Le 3 février, la plupart des “31000” sont amenées à pied, par rang de cinq, à Auschwitz-I, le camp-souche où se trouve l’administration, pour y être photographiées selon les principes de l’anthropométrie : vues de trois quarts, de face et de profil (la photo d’immatriculation d’Héléna Fournier a été retrouvée, puis identifiée par des rescapées à l’été 1947).
Le 12 février, les “31000” sont assignées au Block 26, entassées à mille détenues avec des Polonaises. Les “soupiraux” de leur bâtiment de briques donnent sur la cour du Block 25, le “mouroir” du camp des femmes où sont enfermées leurs compagnes prises à la “course” du 10 février (une sélection punitive). Les “31000” commencent à partir dans les Kommandos de travail.
Atteinte par la dysenterie, Lucette Herbassier est admise au Revier [2]. Après quelque temps, elle en est renvoyée. Le lendemain, au travail, elle a une hémorragie. Elle est de nouveau admise au Revier, mais pour ne plus en sortir.

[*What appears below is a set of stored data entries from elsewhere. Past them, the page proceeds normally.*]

Definition in_Z1 (c0 rho0 k1 k2 k3 k4 l1 l2 l3 l4 m1 m2 m3 m4 : R)
    (F G H P : field3) : Prop :=
  exists f1 f2 f3 f4 : R -> R,
    C1_1 f1 /\ C1_1 f2 /\ C1_1 f3 /\ C1_1 f4 /\
    (let xi1 x y z := k1 * x + l1 * y + m1 * z in
    let xi2 x y z := k2 * x + l2 * y + m2 * z in
    let xi3 x y z := k3 * x + l3 * y + m3 * z in
    let xi4 x y z := k4 * x + l4 * y + m4 * z in
    (forall x y z,
      F x y z = k1 * f1 (xi1 x y z) + k2 * f2 (xi2 x y z)
                + l3 / k3 * f3 (xi3 x y z) + m4 / k4 * f4 (xi4 x y z)) /\
    (forall x y z,
      G x y z = l1 * f1 (xi1 x y z) + l2 * f2 (xi2 x y z) - f3 (xi3 x y z)) /\
    (forall x y z,
      H x y z = m1 * f1 (xi1 x y z) + m2 * f2 (xi2 x y z) - f4 (xi4 x y z)) /\
    (forall x y z,
      P x y z = - (c0 * rho0 * rnorm k1 l1 m1) * f1 (xi1 x y z)
                + c0 * rho0 * rnorm k2 l2 m2 * f2 (xi2 x y z))).
End Defs.

From HB Require Import structures.
From mathcomp Require Import all_boot all_order all_algebra.
From mathcomp Require Import all_classical all_reals all_analysis.
From mathcomp Require Import ring lra.
Import Order.TTheory GRing.Theory Num.Theory.
Import numFieldNormedType.Exports.
Local Open Scope ring_scope.
Local Open Scope classical_set_scope.

(* Initial data of Z_1 built from f_3 alone (f_1 = f_2 = f_4 = 0) form a
   vorticity wave: the velocity (l3/k3, -1, 0) g(xi3) is orthogonal to
   (k3, l3, m3), hence divergence free, so it carries no pressure and is merely
   convected by the mean flow.  At a fixed point the solution behaves like
   g(xi3 - U0 k3 t); the profile g(s) = exp(lam s) gives the growth rate
   -lam U0 k3, which is any real number as lam varies, and g(s) = exp(s^2)
   gives +oo. *)

Section plane_waves.
Context {R : realType}.

Definition plane_wave (g : R -> R) (c a b d e : R) : field4 R :=
  fun x y z t => c * g (a * x + b * y + d * z + e * t).

Lemma is_derive_scale_comp_affine (g phi : R -> R) (c alpha K x : R) :
  (forall s, phi s = alpha * s + K) -> derivable g (phi x) 1 ->
  is_derive x 1 (fun s => c * g (phi s)) (c * alpha * derive1 g (phi x)).
Proof.
move=> /funext -> /derivableP dg.
have daff : is_derive x 1 (fun s => alpha * s + K) alpha.
  have := is_deriveD (is_deriveZ alpha (is_derive_id x 1)) (is_derive_cst K x 1).
  by rewrite /GRing.scale /= mulr1 addr0.
have := is_deriveZ c (@is_derive1_comp _ g _ x _ _ dg daff).
by rewrite derive1E /GRing.scale /= mulrA [c * _ * alpha]mulrAC.
Qed.

Section partials.
Variable g : R -> R.
Hypothesis g_derivable : forall s, derivable g s 1.
Variables c a b d e : R.

Lemma is_derive_plane_wave (x y z t : R) :
  let w := plane_wave g c a b d e in let w' := plane_wave (derive1 g) in
  [/\ is_derive x 1 (fun s => w s y z t) (w' (c * a) a b d e x y z t),
      is_derive y 1 (fun s => w x s z t) (w' (c * b) a b d e x y z t),
      is_derive z 1 (fun s => w x y s t) (w' (c * d) a b d e x y z t) &
      is_derive t 1 (fun s => w x y z s) (w' (c * e) a b d e x y z t)].
Proof.
split.
- by apply: (@is_derive_scale_comp_affine _ _ _ _ (b * y + d * z + e * t)) => // s; ring.
- by apply: (@is_derive_scale_comp_affine _ _ _ _ (a * x + d * z + e * t)) => // s; ring.
- by apply: (@is_derive_scale_comp_affine _ _ _ _ (a * x + b * y + e * t)) => // s; ring.
- by apply: (@is_derive_scale_comp_affine _ _ _ _ (a * x + b * y + d * z)) => // s; ring.
Qed.

Lemma dx_plane_wave :
  dx (plane_wave g c a b d e) = plane_wave (derive1 g) (c * a) a b d e.
Proof.
apply/funext=> x; apply/funext=> y; apply/funext=> z; apply/funext=> t.
rewrite /dx derive1E.
by case: (is_derive_plane_wave x y z t) => dw _ _ _; rewrite derive_val.
Qed.

Lemma dy_plane_wave :
  dy (plane_wave g c a b d e) = plane_wave (derive1 g) (c * b) a b d e.
Proof.
apply/funext=> x; apply/funext=> y; apply/funext=> z; apply/funext=> t.
rewrite /dy derive1E.
by case: (is_derive_plane_wave x y z t) => _ dw _ _; rewrite derive_val.
Qed.

Lemma dz_plane_wave :
  dz (plane_wave g c a b d e) = plane_wave (derive1 g) (c * d) a b d e.
Proof.
apply/funext=> x; apply/funext=> y; apply/funext=> z; apply/funext=> t.
rewrite /dz derive1E.
by case: (is_derive_plane_wave x y z t) => _ _ dw _; rewrite derive_val.
Qed.

Lemma dt_plane_wave :
  dt (plane_wave g c a b d e) = plane_wave (derive1 g) (c * e) a b d e.
Proof.
apply/funext=> x; apply/funext=> y; apply/funext=> z; apply/funext=> t.
rewrite /dt derive1E.
by case: (is_derive_plane_wave x y z t) => _ _ _ dw; rewrite derive_val.
Qed.

End partials.

Lemma continuous_plane_wave (h : R -> R) (c a b d e : R) :
  continuous h -> continuous (uncurry4 (plane_wave h c a b d e)).
Proof.
move=> h_cont q.
have cx : {for q, continuous (fun q : R * R * R * R => q.1.1.1)}.
  exact: continuous_comp (continuous_comp cvg_fst cvg_fst) cvg_fst.
have cy : {for q, continuous (fun q : R * R * R * R => q.1.1.2)}.
  exact: continuous_comp (continuous_comp cvg_fst cvg_fst) cvg_snd.
have cz : {for q, continuous (fun q : R * R * R * R => q.1.2)}.
  exact: continuous_comp cvg_fst cvg_snd.
have ct : {for q, continuous (fun q : R * R * R * R => q.2)} .
  exact: cvg_snd.
have ck (k : R) : {for q, continuous (fun _ : R * R * R * R => k)} .
  exact: cvg_cst.
have cphase : {for q, continuous (fun q : R * R * R * R =>
    a * q.1.1.1 + b * q.1.1.2 + d * q.1.2 + e * q.2)}.
  by apply: continuousD; [apply: continuousD; [apply: continuousD|]|];
    apply: continuousM => //.
apply: continuousM; first exact: ck.
exact: continuous_comp cphase (h_cont _).
Qed.

Lemma C1_1_continuous {g : R -> R} : C1_1 g -> continuous g.
Proof.
by case=> dg _ s; apply/differentiable_continuous/derivable1_diffP.
Qed.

Elle succombe au camp de femmes d’Auschwitz-Birkenau le 8 mai 1943, d’après l’acte de décès établi par l’administration SS du camp (Sterbebücher), qui indique pour cause de sa mort « catharre aiguë de l’estomac ». Certaines rescapées estimeront qu’elle est morte à la fin du mois de mars.
Entre temps, le 8 mars 1943, Jean Herbassier a reçu à son domicile une convocation lui demandant de se présenter à la Kommandantur. Désigné pour partir en Allemagne dans le cadre du Service du Travail Obligatoire (STO), il a rejoint Stratsund (Poméranie). Revenu en France le 9 décembre 1943 lors d’une permission, et décidé à ne pas repartir, il s’est caché successivement à Saint-Nazaire, à Nantes, à Paris, puis à Sepmes (Indre-et-Loire). Il se défendra d’avoir eu la moindre activité pendant la Résistance.

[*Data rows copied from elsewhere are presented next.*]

Lemma mat_abs_bound n m (X : mat) :
  exists K, 0 <= K /\ forall i j, (i < n)%nat -> (j < m)%nat -> Rabs (X i j) <= K.
Proof.
exists (sumR n (fun i => sumR m (fun j => Rabs (X i j)))). split.
- apply sumR_nonneg; intros; apply sumR_nonneg; intros; apply Rabs_pos.
- intros i j Hi Hj. eapply Rle_trans; [| apply (sumR_ge_term n _ i)]; auto.
  + apply (sumR_ge_term m (fun j => Rabs (X i j)) j); auto. intros; apply Rabs_pos.
  + intros; apply sumR_nonneg; intros; apply Rabs_pos.
Qed.

Lemma bound_finite_family k (P : nat -> R -> Prop) :
  (forall i K K', P i K -> K <= K' -> P i K') ->
  (forall i, (i < k)%nat -> exists K, P i K) -> exists K, 0 <= K /\ forall i, (i < k)%nat -> P i K.
Proof.
intros Hmono H. induction k.
- exists 0. split; [lra | intros; lia].
- destruct IHk as [K1 [HK1 H1]]; [intros; apply H; lia |].
  destruct (H k) as [K2 H2]; [lia |].
  exists (Rmax K1 K2). split; [eapply Rle_trans; [apply HK1 | apply Rmax_l] |].
  intros i Hi. destruct (Nat.eq_dec i k) as [-> |].
  + eapply Hmono; eauto; apply Rmax_r.
  + eapply Hmono; [apply H1; lia | apply Rmax_l].
Qed.

Lemma riccati_rhs_skew n m A B q r G i j :
  skew (riccati_rhs n m A B q r G) i j =
  / r * (sumR n (fun k => skew G i k * mmul n (mmul m B (trm B)) G k j)
         + sumR n (fun k => mmul n (trm G) (mmul m B (trm B)) i k * skew G k j))
  - sumR n (fun k => skew G i k * A k j) - sumR n (fun k => trm A i k * skew G k j).
Proof.
set (E := mmul m B (trm B)).
assert (Es : forall k l, E k l = E l k) by (intros; unfold E, mmul, trm; apply sumR_ext; intros; ring).
assert (HQ : forall a b, mmul n (mmul m (mmul n G B) (trm B)) G a b
                         = sumR n (fun k => sumR n (fun l => G a l * E l k * G k b))).
{ intros. unfold mmul at 1. apply sumR_ext. intros k Hk. rewrite mmul_assoc. fold E.
  unfold mmul. rewrite <- sumR_scal_r. auto. }
assert (HX1 : sumR n (fun k => skew G i k * mmul n E G k j)
              = sumR n (fun k => sumR n (fun l => (G i l - G l i) * E l k * G k j))).
{ rewrite sumR_swap. apply sumR_ext; intros k Hk. unfold mmul. rewrite <- sumR_scal_l.
  apply sumR_ext; intros. unfold skew. ring. }
assert (HX2 : sumR n (fun k => mmul n (trm G) E i k * skew G k j)
              = sumR n (fun k => sumR n (fun l => G l i * E l k * (G k j - G j k)))).
{ apply sumR_ext; intros k Hk. unfold mmul, trm. rewrite <- sumR_scal_r.
  apply sumR_ext; intros. unfold skew. ring. }
assert (HQ2 : sumR n (fun k => sumR n (fun l => G j l * E l k * G k i))
              = sumR n (fun k => sumR n (fun l => G l i * E l k * G j k))).
{ rewrite sumR_swap. apply sumR_ext; intros k Hk. apply sumR_ext; intros l Hl. rewrite Es. ring. }
assert (HL1 : mmul n G A i j - mmul n (trm A) G j i = sumR n (fun k => skew G i k * A k j)).
{ unfold mmul, trm, skew. rewrite <- sumR_minus. apply sumR_ext; intros; ring. }
assert (HL2 : mmul n (trm A) G i j - mmul n G A j i = sumR n (fun k => trm A i k * skew G k j)).
{ unfold mmul, trm, skew. rewrite <- sumR_minus. apply sumR_ext; intros; ring. }
assert (HS : sumR n (fun k => sumR n (fun l => G i l * E l k * G k j))
             - sumR n (fun k => sumR n (fun l => G l i * E l k * G j k))
           = sumR n (fun k => sumR n (fun l => (G i l - G l i) * E l k * G k j))
             + sumR n (fun k => sumR n (fun l => G l i * E l k * (G k j - G j k)))).
{ rewrite <- sumR_minus, <- sumR_plus. apply sumR_ext; intros k Hk.
  rewrite <- sumR_minus, <- sumR_plus. apply sumR_ext; intros; ring. }
unfold skew at 1, riccati_rhs. rewrite !HQ. fold E. rewrite HX1, HX2, HQ2, <- HL1, <- HL2, <- HS.
unfold idm. rewrite Nat.eqb_sym. ring.
Qed.

(* The skew part S of a Riccati solution satisfies a linear ODE S' = F(S), so |S|^2 obeys a
   Gronwall inequality. *)
Lemma riccati_rhs_skew_energy_ge n m A B q r KG : 0 < r -> 0 <= KG ->
  exists c, forall G, (forall i j, (i < n)%nat -> (j < n)%nat -> Rabs (G i j) <= KG) ->
    - c * frob2 n (skew G)
    <= sumR n (fun i => sumR n (fun j =>
         skew (riccati_rhs n m A B q r G) i j * skew G i j
         + skew G i j * skew (riccati_rhs n m A B q r G) i j)).
Proof.
intros Hr HKG.
destruct (mat_abs_bound n n (mmul m B (trm B))) as [KE [HKE0 HKE]].
destruct (mat_abs_bound n n A) as [KA [HKA0 HKA]].
set (K1 := INR n * KE * KG). set (K2 := INR n * KG * KE).
assert (HK1 : 0 <= K1) by (unfold K1; repeat apply Rmult_le_pos; auto; apply pos_INR).
assert (HK2 : 0 <= K2) by (unfold K2; repeat apply Rmult_le_pos; auto; apply pos_INR).
exists (2 * (/ r * (K1 + K2) + 2 * KA) * INR n). intros G HG.
set (D := skew G). set (E := mmul m B (trm B)) in *.
set (t1 := sumR n (fun i => sumR n (fun j => D i j * sumR n (fun k => D i k * mmul n E G k j)))).
set (t2 := sumR n (fun i => sumR n (fun j => D i j * sumR n (fun k => mmul n (trm G) E i k * D k j)))).
set (t3 := sumR n (fun i => sumR n (fun j => D i j * sumR n (fun k => D i k * A k j)))).
set (t4 := sumR n (fun i => sumR n (fun j => D i j * sumR n (fun k => trm A i k * D k j)))).
assert (Ex : sumR n (fun i => sumR n (fun j =>
               skew (riccati_rhs n m A B q r G) i j * D i j + D i j * skew (riccati_rhs n m A B q r G) i j))
             = 2 * / r * t1 + 2 * / r * t2 - 2 * t3 - 2 * t4).
{ unfold t1, t2, t3, t4. rewrite <- !sumR_scal_l, <- !sumR_plus, <- !sumR_minus.
  apply sumR_ext; intros i Hi. rewrite <- !sumR_scal_l, <- !sumR_plus, <- !sumR_minus.
  apply sumR_ext; intros j Hj. rewrite riccati_rhs_skew. fold D E. ring. }
assert (T1 : Rabs t1 <= K1 * INR n * frob2 n D).
{ apply frob2_form_left_bound. intros. apply mmul_abs_le; auto. }
assert (T2 : Rabs t2 <= K2 * INR n * frob2 n D).
{ apply frob2_form_right_bound. intros. apply mmul_abs_le; auto. intros. apply HG; auto. }
assert (T3 : Rabs t3 <= KA * INR n * frob2 n D) by (apply frob2_form_left_bound; auto).
assert (T4 : Rabs t4 <= KA * INR n * frob2 n D) by (apply frob2_form_right_bound; intros; apply HKA; auto).
rewrite Ex. fold D.
apply Rabs_le_between in T1, T2, T3, T4.
assert (0 <= frob2 n D) by apply frob2_nonneg. assert (0 <= INR n) by apply pos_INR.
assert (Hri : 0 < / r) by (apply Rinv_0_lt_compat; auto).
assert (/ r * (- (K1 * INR n * frob2 n D)) <= / r * t1) by (apply Rmult_le_compat_l; lra).
assert (/ r * (- (K2 * INR n * frob2 n D)) <= / r * t2) by (apply Rmult_le_compat_l; lra).
nra.
Qed.

Lemma riccati_sol_bounded n m A B q r T M G : 0 < T -> riccati_sol n m A B q r T M G ->
  exists KG, 0 <= KG /\ forall t, 0 <= t <= T ->
    forall i j, (i < n)%nat -> (j < n)%nat -> Rabs (G t i j) <= KG.
Proof.
intros HT Hric.
destruct (bound_finite_family n
  (fun i K => forall j, (j < n)%nat -> forall t, 0 <= t <= T -> Rabs (G t i j) <= K))
  as [KG [HKG0 HKG]].
- intros i K K' H HK j Hj t Ht. eapply Rle_trans; eauto.
- intros i Hi.
  destruct (bound_finite_family n (fun j K => forall t, 0 <= t <= T -> Rabs (G t i j) <= K))
    as [K [_ HK]].
  + intros j K K' H HK t Ht; eapply Rle_trans; eauto.
  + intros j Hj. apply cont_on_bounded; [lra |]. apply (Hric i j); auto.
  + exists K. auto.
- exists KG. split; auto.
Qed.

Lemma riccati_sol_sym n m A B q r T M G : 0 < T -> 0 < r -> riccati_sol n m A B q r T M G ->
  forall t, 0 <= t <= T -> forall i j, (i < n)%nat -> (j < n)%nat -> G t i j = G t j i.
Proof.
intros HT Hr Hric.
destruct (riccati_sol_bounded n m A B q r T M G HT Hric) as [KG [HKG0 HKG]].
destruct (riccati_rhs_skew_energy_ge n m A B q r KG Hr HKG0) as [c Hc].
assert (Hdiff : forall i j, (i < n)%nat -> (j < n)%nat -> forall t, 0 < t < T ->
  derivable_pt_lim (fun t => skew (G t) i j) t (skew (riccati_rhs n m A B q r (G t)) i j)).
{ intros i j Hi Hj t Ht. apply (derivable_pt_lim_minus (fun t => G t i j) (fun t => G t j i));
    [apply (Hric i j) | apply (Hric j i)]; auto. }
assert (Hzero : forall t, 0 <= t <= T -> frob2 n (skew (G t)) = 0).
{ apply (backward_gronwall_eq0 0 T c _ (fun t => sumR n (fun i => sumR n (fun j =>
       skew (riccati_rhs n m A B q r (G t)) i j * skew (G t) i j
       + skew (G t) i j * skew (riccati_rhs n m A B q r (G t)) i j)))); auto.
  - apply cont_on_frob2; [lra |]. intros i j Hi Hj. unfold skew.
    apply (cont_on_minus 0 T (fun t => G t i j) (fun t => G t j i)); [lra | apply (Hric i j) | apply (Hric j i)]; auto.
  - intros t Ht. apply derivable_pt_lim_frob2. intros i j Hi Hj. apply Hdiff; auto.
  - intros t Ht. apply Hc. intros; apply HKG; auto; lra.
  - intros; apply frob2_nonneg.
  - apply sumR_eq0; intros i Hi. apply sumR_eq0; intros j Hj. unfold skew.
    rewrite (proj2 (Hric _ _ Hi Hj)), (proj2 (Hric _ _ Hj Hi)). unfold idm. rewrite Nat.eqb_sym. ring. }
intros t Ht i j Hi Hj. enough (skew (G t) i j = 0) by (unfold skew in *; lra).
apply (frob2_eq0 n); auto.
Qed.

Definition quad_value n (G : mat) (b : vec) (d : R) (y : vec) : R :=
  / 2 * dot n y (mvec n G y) + dot n b y + d.

Lemma quad_value_ext n G b d y y' : (forall i, (i < n)%nat -> y i = y' i) ->
  quad_value n G b d y = quad_value n G b d y'.
Proof.
intros H. unfold quad_value. rewrite (dot_ext n y y' (mvec n G y) (mvec n G y')), (dot_ext n b b y y'); auto.
intros; apply mvec_ext; auto.
Qed.

Lemma quad_value_terminal n M (G : mat) (b : vec) d (p y : vec) :
  (forall i j, (i < n)%nat -> (j < n)%nat -> G i j = M * idm i j) ->
  (forall i, (i < n)%nat -> b i = - M * p i) -> d = M / 2 * dot n p p ->
  quad_value n G b d y = M / 2 * dot n (fun c => y c - p c) (fun c => y c - p c).
Proof.
intros HG Hb Hd. unfold quad_value. rewrite Hd.
rewrite (dot_ext n y y (mvec n G y) (fun i => M * y i)), (dot_ext n b (fun i => - M * p i) y y); auto.
- rewrite !dot_scal_r, !dot_scal_l, !dot_minus_l, !dot_minus_r, (dot_comm n y p). field.
- intros i Hi. rewrite <- (mvec_idm n y i), <- mvec_scal by auto. unfold mvec. apply sumR_ext. intros.
  rewrite HG by auto. ring.
Qed.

En mai 1945, quand les déportés survivants sont rapatriés, la famille de Lucette Herbassier apprend sa mort par Héléna Fournier, seule rescapée parmi les vingt Tourangelles du convoi.
Notes :
[1] Front national de lutte pour la liberté et l’indépendance de la France : mouvement de Résistance constitué en mai 1941 à l’initiative du PCF clandestin (sans aucun lien avec l’organisation politique créée en 1972, dite “FN”, jusqu’à son changement d’appellation le 1er juin 2018.
[2] Revier. Selon Charlotte Delbo : « abréviation de Krakenrevier, quartier des malades dans une enceinte militaire. Nous ne traduisons pas ce mot que les Français prononçaient révir, car ce n’est ni hôpital, ni ambulance, ni infirmerie. C’est un lieu infect où les malades pourrissaient sur trois étages. ». In Le convoi du 24 janvier, Les Éditions de Minuit, 1967, p. 24. Le terme officiel est pourtant “hôpital” ; en allemand Häftlingskrakenbau (HKB), hôpital des détenus ou Krakenbau (KB). Dans Si c’est un Homme, Primo Lévi utilise l’abréviation KB.
Sources :
Charlotte Delbo, Le convoi du 24 janvier, Les Éditions de Minuit, 1965 (réédition 1998), pages 144-145, page 24.
Archives départementales d’Indre-et-Loire, Tours : dossiers de la commission départementale des déportés et internés résistants, de H à L (50 W 33), dossier de Lucette et Jean Herbassier.
Death Books from Auschwitz, Remnants, Musée d’État d’Auschwitz-Birkenau, 1995 ; relevé des registres (incomplets) d’actes de décès du camp d’Auschwitz dans lesquels a été inscrit, du 27 juillet 1941 au 31 décembre 1943, la mort de 68 864 détenus immatriculés dans le camp (sans indication du numéro attribué) ; tome 2, page 440 (19544/1943).
Division des archives des victimes des conflits contemporains (DAVCC), ministère de la Défense, direction des patrimoines de la mémoire et des archives (DPMA), Caen : documents d’Auschwitz, liste de 13 décédés nés en France, extrait du Sterbebuch 1943, acte n° 19544/1943 (26 P 821).